Repeat exactly, and only, the lines from the one holding "by rewrite scalerA" through the last line of the records below.

(Task inputs Opens)

Lemma perm_inv_on f s t : perm_eq s t -> inv_on f s = inv_on f t.
Proof.
by move=> st; rewrite /inv_on (perm_big _ st); apply: eq_bigr => x _; apply: perm_big.
Qed.

Lemma big_restrict_uniq (s t : seq int) (P : pred int) (F : int -> nat) :
  uniq s -> uniq t -> t =i [pred x in s | P x] ->
  {in s, forall x, ~~ P x -> F x = 0%N} ->
  (\sum_(x <- s) F x = \sum_(x <- t) F x)%N.
Proof.
move=> us ut ht hF; rewrite (bigID P) /= [X in (_ + X)%N]big1_seq ?addn0; last first.
  by move=> x /andP [Px sx]; apply: hF.
rewrite -big_filter; apply/perm_big/uniq_perm; rewrite ?filter_uniq //.
by move=> x; rewrite mem_filter ht inE andbC.
Qed.

Lemma invpair_outr (u : sperm) M x y :
  fixed_outside u M -> (M < absz y)%N -> invpair u x y = 0%N.
Proof.
move=> hu hy; rewrite /invpair (hu _ hy); apply/eqP; rewrite eqb0.
apply/andP => -[xy yux]; have [hx|hx] := leqP (absz x) M.
  by have := fixed_outside_bounded hu hx; lia.
by move: yux; rewrite (hu _ hx); lia.
Qed.

Lemma invpair_outl (u : sperm) M x y :
  fixed_outside u M -> (M < absz y)%N -> invpair u y x = 0%N.
Proof.
move=> hu hy; rewrite /invpair (hu _ hy); apply/eqP; rewrite eqb0.
apply/andP => -[yx uxy]; have [hx|hx] := leqP (absz x) M.
  by have := fixed_outside_bounded hu hx; lia.
by move: uxy; rewrite (hu _ hx); lia.
Qed.
Lemma sum_pairs_diff_mul (R : comNzRingType) n (x y : 'I_n -> R) :
  \sum_k \sum_l (x k - x l) * (y k - y l) =
  (2 * n)%:R * \sum_k x k * y k - 2%:R * ((\sum_k x k) * (\sum_k y k)).
Proof.
have e k l : (x k - x l) * (y k - y l) =
    (x k * y k + x l * y l) - (x k * y l + x l * y k) by ring.
under eq_bigr => k _ do rewrite (eq_bigr _ (fun l _ => e k l)) sumrB.
rewrite sumrB; congr (_ - _).
  under eq_bigr => k _ do rewrite big_split /= sumr_const card_ord.
  by rewrite big_split /= sumr_const card_ord sumrMnl -mulrnDr mulr_natl addnn -mul2n.
under eq_bigr => k _ do rewrite big_split /= -mulr_sumr -mulr_suml.
by rewrite big_split /= -mulr_suml -mulr_sumr [(\sum_l x l) * _]mulrC mulr_natl mulr2n.
Qed.

Section Symmetrization.
Variables (R : numFieldType) (n : nat).
Local Notation P := {mpoly R[n]}.

Definition symavg (p : P) : P := (#|{: 'S_n}|%:R)^-1 *: \sum_(s : 'S_n) msym s p.

Lemma symavg_is_linear : linear symavg.
Proof.
move=> c p q; rewrite /symavg scalerA mulrC -scalerA -scalerDr; congr (_ *: _).
by rewrite scaler_sumr -big_split; apply: eq_bigr => s _; rewrite msymD msymZ.
Qed.

HB.instance Definition _ := GRing.isLinear.Build R P P _ symavg symavg_is_linear.

Lemma symavg_id p : p \is symmetric -> symavg p = p.
Proof.
move/issymP => ps; rewrite /symavg (eq_bigr (fun=> p)) // sumr_const -scaler_nat.
by rewrite scalerA mulVf ?scale1r // pnatr_eq0 -lt0n; apply/card_gt0P; exists 1%g.
Qed.

Lemma symavgMl p q : p \is symmetric -> symavg (p * q) = p * symavg q.
Proof.
move/issymP => ps; rewrite /symavg -scalerAr mulr_sumr.
by congr (_ *: _); apply: eq_bigr => s _; rewrite msymM ps.
Qed.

(Task inputs Closes)

[Response]
by rewrite scalerA mulVf ?scale1r // pnatr_eq0 -lt0n; apply/card_gt0P; exists 1%g.
Qed.

Lemma symavgMl p q : p \is symmetric -> symavg (p * q) = p * symavg q.
Proof.
move/issymP => ps; rewrite /symavg -scalerAr mulr_sumr.
by congr (_ *: _); apply: eq_bigr => s _; rewrite msymM ps.
Qed.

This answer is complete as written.